Social empowerment refers to the ability of the local community to establish the social impacts of ecotourism development. Social empowerment will result in ecotourism making a contribution to the social cohesion and integrity of the local community, rather than detracting from it (Garrod, 2003). Scheyvens (2002) refers to an empowered community as a strong community group comprising of youth and women who actively participate in community meetings. Garrod (2003) contends that social empowerment is most likely to be found in those communities where part of the net returns from ecotourism are recycled back into the local community in the form of investment in local infrastructure or the funding of social projects. Social empowerment assists in maintaining a community’s social stability and has the power to lead to cooperation and enhanced schemes, for example, education and health (Timothy, 2002).

Political empowerment refers to the ability of the local community to convey their apprehensions and for those concerns to have an actual impact on the direction, format and speed of ecotourism development (Garrod, 2003). Political empowerment is inclusive of representational democracy wherein residents can influence and raise concerns about development initiatives (Timothy, 2002). The local community should be involved in monitoring and evaluating tourism projects over time. Diverse interest groups within a community, including women and youth, need to be represented on community and broader decision-making bodies (Scheyvens, 2002). Political empowerment is best attained when power is decentralised from the national to local level (Garrod, 2003).

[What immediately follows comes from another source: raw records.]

(* Fix $i\in\{1,\dots,k\}$ and $\hat z\in[2^n]$, and let $m_1,m_2\in\mathcal{M}^{\text{good}}$ satisfy $z'_i(m_1)=z'_i(m_2)=\hat z$ and $b_i(m_1)\ne b_i(m_2)$. Then there exists an element of $\mathcal{B}^{\text{err}}$ that the decoder of terminal $t$ maps to $m_1$ or to $m_2$.
   Context: Setting. $\mathcal{N}$ is a directed network containing nodes $s_1,\dots,s_k,t_1,\dots,t_k$. The network $\mathcal{G}$ is obtained from $\mathcal{N}$ by adding new nodes $s,t,A_1,\dots,A_k,B_1,\dots,B_k$ and, for each $i$, the unit-capacity edges $a_i=(s,A_i)$, two parallel edges $x_i,y_i$ from $A_i$ to $B_i$, $z_i=(A_i,s_i)$, $z'_i=(t_i,B_i)$, and $b_i=(B_i,t)$; the incoming edges of $t$ are exactly $b_1,\dots,b_k$. Admissible error patterns $\boldsymbol r=(r_e)$ are those in which at most one edge $e$ has $r_e\neq0$, with $e\notin\{a_1,\dots,a_k,b_1,\dots,b_k\}$. The output of an edge is its input XOR $r_e$. Let $\mathcal{C}$ be a length-$n$ network code on $\mathcal{G}$. The source $s$ has message $m\in[2^{kn}]$, where $[N]=\{1,\dots,N\}$. An edge $e=(u,v)$ of capacity $c_e$ carries a value in $[2^{nc_e}]$ computed from the signals on the incoming edges of $u$ (and from $m$ if $u=s$). The terminal $t$ has a decoder mapping each tuple in $[2^n]^k$ received on $(b_1,\dots,b_k)$ to a message. For an edge $e$, let $e(m,\boldsymbol r)$ be the signal received on $e$ under message $m$ and error pattern $\boldsymbol r$, and let $e(m)=e(m,\boldsymbol 0)$. Write $\boldsymbol b(m)=(b_1(m),\dots,b_k(m))$. Let $\mathcal{M}^{\text{good}}$ be the set of messages $m$ such that $t$ decodes to $m$ under every admissible error pattern when $m$ is sent. Let $\mathcal{B}^{\text{good}}=\{\boldsymbol b(m):m\in\mathcal{M}^{\text{good}}\}$ and $\mathcal{B}^{\text{err}}=[2^n]^k\setminus\mathcal{B}^{\text{good}}$. *)

From mathcomp Require Import all_boot.
Set Implicit Arguments. Unset Strict Implicit. Unset Printing Implicit Defensive.

Inductive gnode (VN : Type) (k : nat) : Type :=
  | NOld of VN | Ns | Nt | NA of 'I_k | NB of 'I_k.

Inductive gedge (EN : Type) (k : nat) : Type :=
  | EOld of EN | Ea of 'I_k | Ex of 'I_k | Ey of 'I_k
  | Ez of 'I_k | Ez' of 'I_k | Eb of 'I_k.

Arguments Ns {VN k}. Arguments Nt {VN k}.
Arguments NOld {VN k}. Arguments NA {VN k}. Arguments NB {VN k}.
Arguments EOld {EN k}. Arguments Ea {EN k}. Arguments Ex {EN k}.
Arguments Ey {EN k}. Arguments Ez {EN k}. Arguments Ez' {EN k}.
Arguments Eb {EN k}.

Section G.
Variables (VN EN : Type) (k : nat).
Variables (tailN headN : EN -> VN) (capN : EN -> nat) (sN tN : 'I_k -> VN).

Definition tailG (e : gedge EN k) : gnode VN k :=
  match e with
  | EOld e0 => NOld (tailN e0)
  | Ea _ => Ns
  | Ex i | Ey i | Ez i => NA i
  | Ez' i => NOld (tN i)
  | Eb i => NB i
  end.

Definition headG (e : gedge EN k) : gnode VN k :=
  match e with
  | EOld e0 => NOld (headN e0)
  | Ea i => NA i
  | Ex i | Ey i | Ez' i => NB i
  | Ez i => NOld (sN i)
  | Eb _ => Nt
  end.

Definition capG (e : gedge EN k) : nat :=
  match e with EOld e0 => capN e0 | _ => 1 end.

Definition acyclicN : Prop :=
  exists rank : VN -> nat, forall e, rank (tailN e) < rank (headN e).

Variable n : nat.

(* messages m in [2^(kn)], represented 0-based as 'I_(2^(k n)) *)
Definition msg := 'I_(2 ^ (k * n)).

(* A length-n network code on G: edge e carries a value in [2^(n c_e)]
   (0-based: a nat < 2^(n c_e)) computed from the signals on the incoming
   edges of its tail u (and from m if u = s). *)
Definition is_code (enc : gedge EN k -> msg -> (gedge EN k -> nat) -> nat) : Prop :=
  [/\ forall e m sg, enc e m sg < 2 ^ (n * capG e),
      forall e m1 m2 sg, tailG e <> Ns -> enc e m1 sg = enc e m2 sg
    & forall e m sg1 sg2,
        (forall e', headG e' = tailG e -> sg1 e' = sg2 e') ->
        enc e m sg1 = enc e m sg2].

Definition admissible (r : gedge EN k -> nat) : Prop :=
  [/\ forall e, r e < 2 ^ (n * capG e),
      forall e e', r e <> 0 -> r e' <> 0 -> e = e'
    & forall i, r (Ea i) = 0 /\ r (Eb i) = 0].

Definition no_err : gedge EN k -> nat := fun _ => 0.

(* sig m r e = e(m, r): the output of each edge is its (encoded) input XOR r_e.
   (G is acyclic, so these equations determine the signals uniquely.) *)
Definition is_signal (enc : gedge EN k -> msg -> (gedge EN k -> nat) -> nat)
    (sig : msg -> (gedge EN k -> nat) -> gedge EN k -> nat) : Prop :=
  forall m r, admissible r ->
    forall e, sig m r e = Nat.lxor (enc e m (sig m r)) (r e).

Variables (sig : msg -> (gedge EN k -> nat) -> gedge EN k -> nat)
          (dec : {ffun 'I_k -> nat} -> msg).

Definition bvec (m : msg) (r : gedge EN k -> nat) : {ffun 'I_k -> nat} :=
  [ffun j => sig m r (Eb j)].

Definition Mgood (m : msg) : Prop :=
  forall r, admissible r -> dec (bvec m r) = m.

Definition Bgood (beta : {ffun 'I_k -> nat}) : Prop :=
  exists m, Mgood m /\ bvec m no_err = beta.

Definition Berr (beta : {ffun 'I_k -> nat}) : Prop :=
  (forall j, beta j < 2 ^ n) /\ ~ Bgood beta.

End G.

(* Under m1, corrupt x_i so that it carries x_i(m2); under m2, corrupt y_i so
   that it carries y_i(m1).  In both scenarios B_i then sees the same inputs
   (x_i(m2), y_i(m1), zhat), and its encoder ignores the message, so b_i carries
   the same value.  Since b_i(m1) <> b_i(m2), in one scenario b_i differs from
   its error-free value.  The corrupted tuple received there still decodes to
   the (good) message sent, yet it is not in B^good: a good m' with
   b(m') equal to it would decode to both m' and the sent message, making the
   corrupted tuple equal to the error-free one. *)

From HB Require Import structures.
From Stdlib Require Import PeanoNat Lia.
From mathcomp Require Import all_boot zify.

Lemma lxor_lt_pow2 a b p : a < 2 ^ p -> b < 2 ^ p -> Nat.lxor a b < 2 ^ p.
Proof.
have pow2E : 2 ^ p = Nat.pow 2 p by elim: p => //= p IH; rewrite expnS IH.
rewrite pow2E => /ltP ha /ltP hb; apply/ltP.
have [-> | a0] := Nat.eq_dec a 0; first by rewrite Nat.lxor_0_l.
have [-> | b0] := Nat.eq_dec b 0; first by rewrite Nat.lxor_0_r.
have [-> | c0] := Nat.eq_dec (Nat.lxor a b) 0; first by have := Nat.pow_nonzero 2 p; lia.
apply: (proj2 (Nat.log2_lt_pow2 _ _ _)); first by lia.
move: ha hb => /(Nat.log2_lt_pow2 _ _ _) ha /(Nat.log2_lt_pow2 _ _ _) hb.
have := Nat.log2_lxor a b; have := ha ltac:(lia); have := hb ltac:(lia); lia.
Qed.

Lemma lxor_cancel_l a b : Nat.lxor a (Nat.lxor a b) = b.
Proof. by rewrite -Nat.lxor_assoc Nat.lxor_nilpotent Nat.lxor_0_l. Qed.

Lemma lxor_cancel_r a b : Nat.lxor b (Nat.lxor a b) = a.
Proof. by rewrite Nat.lxor_comm Nat.lxor_assoc Nat.lxor_nilpotent Nat.lxor_0_r. Qed.

Definition gedge_code (EN : Type) (k : nat) (e : gedge EN k) : EN + nat * 'I_k :=
  match e with
  | EOld e0 => inl e0
  | Ea i => inr (0, i) | Ex i => inr (1, i) | Ey i => inr (2, i)
  | Ez i => inr (3, i) | Ez' i => inr (4, i) | Eb i => inr (5, i)
  end.

Definition gedge_decode (EN : Type) (k : nat) (c : EN + nat * 'I_k) :
    option (gedge EN k) :=
  match c with
  | inl e0 => Some (EOld e0)
  | inr (0, i) => Some (Ea i) | inr (1, i) => Some (Ex i)
  | inr (2, i) => Some (Ey i) | inr (3, i) => Some (Ez i)
  | inr (4, i) => Some (Ez' i) | inr (5, i) => Some (Eb i)
  | inr _ => None
  end.

Lemma gedge_codeK (EN : Type) (k : nat) :
  pcancel (@gedge_code EN k) (@gedge_decode EN k).
Proof. by case. Qed.

HB.instance Definition _ (EN : eqType) (k : nat) :=
  Equality.copy (gedge EN k) (pcan_type (@gedge_codeK EN k)).

Section ExtendedNetwork.

Context {VN : Type} {EN : eqType} {k : nat}.
Context {tailN headN : EN -> VN} {capN : EN -> nat} {sN tN : 'I_k -> VN}.

Local Notation edge := (gedge EN k).
Local Notation tail := (tailG tailN tN).
Local Notation head := (headG headN sN).

Lemma acyclicG : acyclicN tailN headN ->
  exists rank : gnode VN k -> nat, forall e, rank (tail e) < rank (head e).
Proof.
case=> rk hrk; pose M := (\max_(j < k) rk (tN j)) + 3.
exists (fun x => match x with
                 | Ns => 0 | NA _ => 1 | NOld v => rk v + 2 | NB _ => M | Nt => M.+1
                 end).
case=> [e|j|j|j|j|j|j] //=; try lia; first by rewrite ltn_add2r.
by rewrite /M (addnS _ 2) ltnS leq_add2r; apply: (@leq_bigmax _ (fun j => rk (tN j))).
Qed.

Lemma tailG_neq_Nt (e : edge) : tail e <> Nt.
Proof. by case: e. Qed.

Lemma tailG_eq_NB (e : edge) i : tail e = NB i -> e = Eb i.
Proof. by case: e => //= j [->]. Qed.

Context {n : nat}.

Local Notation admissible := (admissible capN n).
Local Notation no_err := (@no_err EN k).

Lemma admissible_no_err : admissible no_err.
Proof. by split=> // e; rewrite /no_err expn_gt0. Qed.

Definition single_err (e0 : edge) (v : nat) (e : edge) : nat :=
  if e == e0 then v else 0.

Lemma admissible_single_err e0 v :
  v < 2 ^ (n * capG capN e0) -> (forall j, e0 <> Ea j /\ e0 <> Eb j) ->
  admissible (single_err e0 v).
Proof.
move=> hv he0; rewrite /single_err; split.
- by move=> e; case: eqP => [->|_]; rewrite ?expn_gt0.
- by move=> e e'; do 2 case: eqP => [->|_] //.
- by move=> j; have [ha hb] := he0 j; split; case: eqP => // E; [case: ha | case: hb].
Qed.

Context {enc : edge -> msg k n -> (edge -> nat) -> nat}
        {sig : msg k n -> (edge -> nat) -> edge -> nat}
        {dec : {ffun 'I_k -> nat} -> msg k n}.
Hypotheses (hcode : is_code tailN headN capN sN tN (n:=n) enc)
           (hsig : is_signal capN (n:=n) enc sig)
           (hacyc : acyclicN tailN headN).

Lemma signal_lt m r e : admissible r -> sig m r e < 2 ^ (n * capG capN e).
Proof.
move=> hr; rewrite hsig //; case: hcode => henc _ _; case: hr => hr _ _.
exact: lxor_lt_pow2.
Qed.

Lemma signal_eq_of_inputs m1 m2 r1 r2 e :
  admissible r1 -> admissible r2 -> tail e <> Ns -> r1 e = r2 e ->
  (forall e', head e' = tail e -> sig m1 r1 e' = sig m2 r2 e') ->
  sig m1 r1 e = sig m2 r2 e.
Proof.
move=> hr1 hr2 hs hre hin; rewrite (hsig _ _ hr1) (hsig _ _ hr2) hre.
case: hcode => _ hsrc hloc; rewrite (hsrc e m1 m2) //.
by congr Nat.lxor; apply: hloc.
Qed.

(* The only edge leaving B_i is b_i, so an error on an edge entering B_i
   perturbs no other edge. *)
Lemma signal_single_err m e0 v i e :
  admissible (single_err e0 v) -> head e0 = NB i -> e <> Eb i ->
  sig m (single_err e0 v) e = Nat.lxor (sig m no_err e) (single_err e0 v e).
Proof.
move=> hr he0; have [rank hrank] := acyclicG hacyc.
elim: {e}(rank (tail e)).+1 {-2}e (ltnSn (rank (tail e))) => // N IH e he hne.
rewrite (hsig _ _ hr) (hsig _ _ admissible_no_err) /no_err Nat.lxor_0_r.
congr Nat.lxor; case: hcode => _ _ hloc; apply: hloc => e' he'.
have he'b : e' <> Eb i by move=> E; apply: (@tailG_neq_Nt e); rewrite -he' E.
rewrite IH //; last by have := hrank e'; rewrite he'; lia.
rewrite /single_err; case: eqP => [E|_]; last by rewrite Nat.lxor_0_r.
by case: hne; apply: tailG_eq_NB; rewrite -he' E.
Qed.

Lemma confusable_at_B i m1 m2 :
  sig m1 no_err (Ez' i) = sig m2 no_err (Ez' i) ->
  exists r1 r2, [/\ admissible r1, admissible r2 &
                    sig m1 r1 (Eb i) = sig m2 r2 (Eb i)].
Proof.
move=> hz.
set x1 := sig m1 no_err (Ex i); set x2 := sig m2 no_err (Ex i).
set y1 := sig m1 no_err (Ey i); set y2 := sig m2 no_err (Ey i).
have bound m e : sig m no_err e < 2 ^ (n * capG capN e).
  exact: signal_lt admissible_no_err.
have hr1 : admissible (single_err (Ex i) (Nat.lxor x1 x2)).
  by apply: admissible_single_err => //; apply: lxor_lt_pow2; apply: bound.
have hr2 : admissible (single_err (Ey i) (Nat.lxor y1 y2)).
  by apply: admissible_single_err => //; apply: lxor_lt_pow2; apply: bound.
exists (single_err (Ex i) (Nat.lxor x1 x2)), (single_err (Ey i) (Nat.lxor y1 y2)).
split=> //; apply: signal_eq_of_inputs => // e' he'.
have hne : e' <> Eb i by move=> E; rewrite E in he'.
rewrite (@signal_single_err m1 _ _ i e' hr1 erefl hne).
rewrite (@signal_single_err m2 _ _ i e' hr2 erefl hne).
rewrite /single_err.
case: e' he' {hne} => //= j [->]; rewrite ?eqxx /=.
- by rewrite lxor_cancel_l Nat.lxor_0_r.
- by rewrite lxor_cancel_r Nat.lxor_0_r.
- by rewrite !Nat.lxor_0_r.
Qed.

Lemma corrupted_Berr m r j :
  Mgood capN sig dec m -> admissible r -> sig m r (Eb j) <> sig m no_err (Eb j) ->
  Berr capN sig dec (bvec sig m r) /\ dec (bvec sig m r) = m.
Proof.
move=> hm hr hne; have hdec : dec (bvec sig m r) = m by apply: hm.
split=> //; split.
  by move=> j'; rewrite ffunE; have := @signal_lt m r (Eb j') hr; rewrite muln1.
case=> m' [hm' hb]; apply: hne.
have em : m' = m by rewrite -(hm' _ admissible_no_err) hb hdec.
subst m'; have := congr1 (fun f : {ffun _ -> _} => f j) hb.
by rewrite !ffunE.
Qed.

End ExtendedNetwork.

Theorem lemma2 (VN EN : finType) (k : nat)
    (tailN headN : EN -> VN) (capN : EN -> nat) (sN tN : 'I_k -> VN) (n : nat)
    (enc : gedge EN k -> msg k n -> (gedge EN k -> nat) -> nat)
    (sig : msg k n -> (gedge EN k -> nat) -> gedge EN k -> nat)
    (dec : {ffun 'I_k -> nat} -> msg k n)
    (hacyc : acyclicN tailN headN)
    (hcode : is_code tailN headN capN sN tN (n:=n) enc)
    (hsig : is_signal capN (n:=n) enc sig)
    (i : 'I_k) (zhat : nat) (hz : zhat < 2 ^ n) (m1 m2 : msg k n)
    (hm1 : Mgood capN (n:=n) sig dec m1) (hm2 : Mgood capN (n:=n) sig dec m2)
    (hz1 : sig m1 (@no_err EN k) (Ez' i) = zhat)
    (hz2 : sig m2 (@no_err EN k) (Ez' i) = zhat)
    (hb : sig m1 (@no_err EN k) (Eb i) <> sig m2 (@no_err EN k) (Eb i)) :
  exists beta, Berr capN (n:=n) sig dec beta /\ (dec beta = m1 \/ dec beta = m2).
Proof.
have [r1 [r2 [hr1 hr2 hsame]]] :=
  confusable_at_B hcode hsig hacyc i m1 m2 (etrans hz1 (esym hz2)).
have [e1 | ne1] := eqVneq (sig m1 r1 (Eb i)) (sig m1 (@no_err EN k) (Eb i)).
- have ne2 : sig m2 r2 (Eb i) <> sig m2 (@no_err EN k) (Eb i) by rewrite -hsame e1.
  have [hB hd] := corrupted_Berr hcode hsig m2 r2 i hm2 hr2 ne2.
  by exists (bvec sig m2 r2); auto.
- have [hB hd] := corrupted_Berr hcode hsig m1 r1 i hm1 hr1 (elimN eqP ne1).
  by exists (bvec sig m1 r1); auto.
Qed.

Fennell (2003) suggests that education must play a vital role in the empowerment process such as providing the necessary means to enable people to make informed choices. Fennell (1999) argues that experiential education and training are important in enabling local communities to develop ecotourism so that it is not just another commodified product where benefits and natural resources are abused. For the process of learning to be beneficial it has to include the local community (Desai, 2005). Timothy (2002) maintains that officials must try to build public awareness, especially in regions of the world where economic and social circumstances have kept locals from having experiences as travellers of tourism, for example, and through media campaigns, education courses for residents involved in tourism formally and informally.

2.10.3 Social Capital

Social capital has been viewed as a missing link in development and has become a focal point for policy, practice and research in recent years (Jones, 2005). However, social inequalities are seldom confronted in either social capital theory or policy and there is an inherent affinity to idealise communities which are treated as existing without structured power relations and conflict (Harriss and De Renzio, 1997; Murphy, 2002). According to Pretty and Ward (2001), when social capital is entrenched within rural participatory communities equitable and sustainable solutions are derived to local development problems. Fennell (2003) suggests that ecotourism may be more efficiently operationalised through the shared information, knowledge and interconnectedness between different stakeholders liable for tourism development. Trust and reciprocity lubricate cooperation through reducing transaction costs since people no longer have

to invest in monitoring the behaviour of others, resulting in the building of confidence to move ahead in collective or group activities (Jones, 2005).